# Material to process
(* Let $p$ be a prime and $e > 0$. The distinct elementary divisors of $A_{p^e}$ are $p^i$ for $0 \le i \le e$, and the multiplicity of $p^i$ among the elementary divisors is $\phi(p^{e-i})$.
   Context: For a positive integer $k$, let $\Phi_d$ denote the $d$th cyclotomic polynomial and let $\Psi_k : \mathbf{Z}[X]/(X^k-1) \to \bigoplus_{d \mid k} \mathbf{Z}[X]/(\Phi_d(X))$ be the natural map $f \bmod (X^k-1) \mapsto \bigoplus_{d\mid k} f \bmod \Phi_d(X)$. Endow $\mathbf{Z}[X]/(X^k-1)$ with the basis $(1, \overline{X}, \dots, \overline{X}^{k-1})$, each $\mathbf{Z}[X]/(\Phi_d(X))$ with the basis $(1, \overline{X}, \dots, \overline{X}^{\phi(d)-1})$, and order the summands by increasing $d$. $A_k$ is the $k\times k$ integer matrix of $\Psi_k$ with respect to these bases. Elementary divisors are those of the Smith normal form over $\mathbf{Z}$, taken non-negative; $\phi$ is Euler's totient function. *)

From mathcomp Require Import all_boot all_order all_algebra all_field.
Set Implicit Arguments. Unset Strict Implicit. Unset Printing Implicit Defensive.
Import GRing.Theory Num.Theory.
Local Open Scope ring_scope.

(* Row index bookkeeping: the codomain  (+)_{d | k} Z[X]/(Phi_d)  has the
   concatenated basis, summands ordered by increasing d (divisors k is the
   increasing list of divisors), each summand with basis 1, X, ..., X^{phi d - 1}.
   [locate s r] returns (d, t): global row r is the t-th basis vector of the
   summand for d. *)
Fixpoint locate (s : seq nat) (r : nat) : nat * nat :=
  match s with
  | [::] => (0%N, 0%N)
  | d :: s' => if (r < totient d)%N then (d, r) else locate s' (r - totient d)
  end.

# How to complete this task
Working from the records above, write out verbatim only the lines from the line containing "From mathcomp Require" through the line containing "increasing list of".

# Reply to the task
From mathcomp Require Import all_boot all_order all_algebra all_field.
Set Implicit Arguments. Unset Strict Implicit. Unset Printing Implicit Defensive.
Import GRing.Theory Num.Theory.
Local Open Scope ring_scope.

(* Row index bookkeeping: the codomain  (+)_{d | k} Z[X]/(Phi_d)  has the
   concatenated basis, summands ordered by increasing d (divisors k is the
   increasing list of divisors), each summand with basis 1, X, ..., X^{phi d - 1}.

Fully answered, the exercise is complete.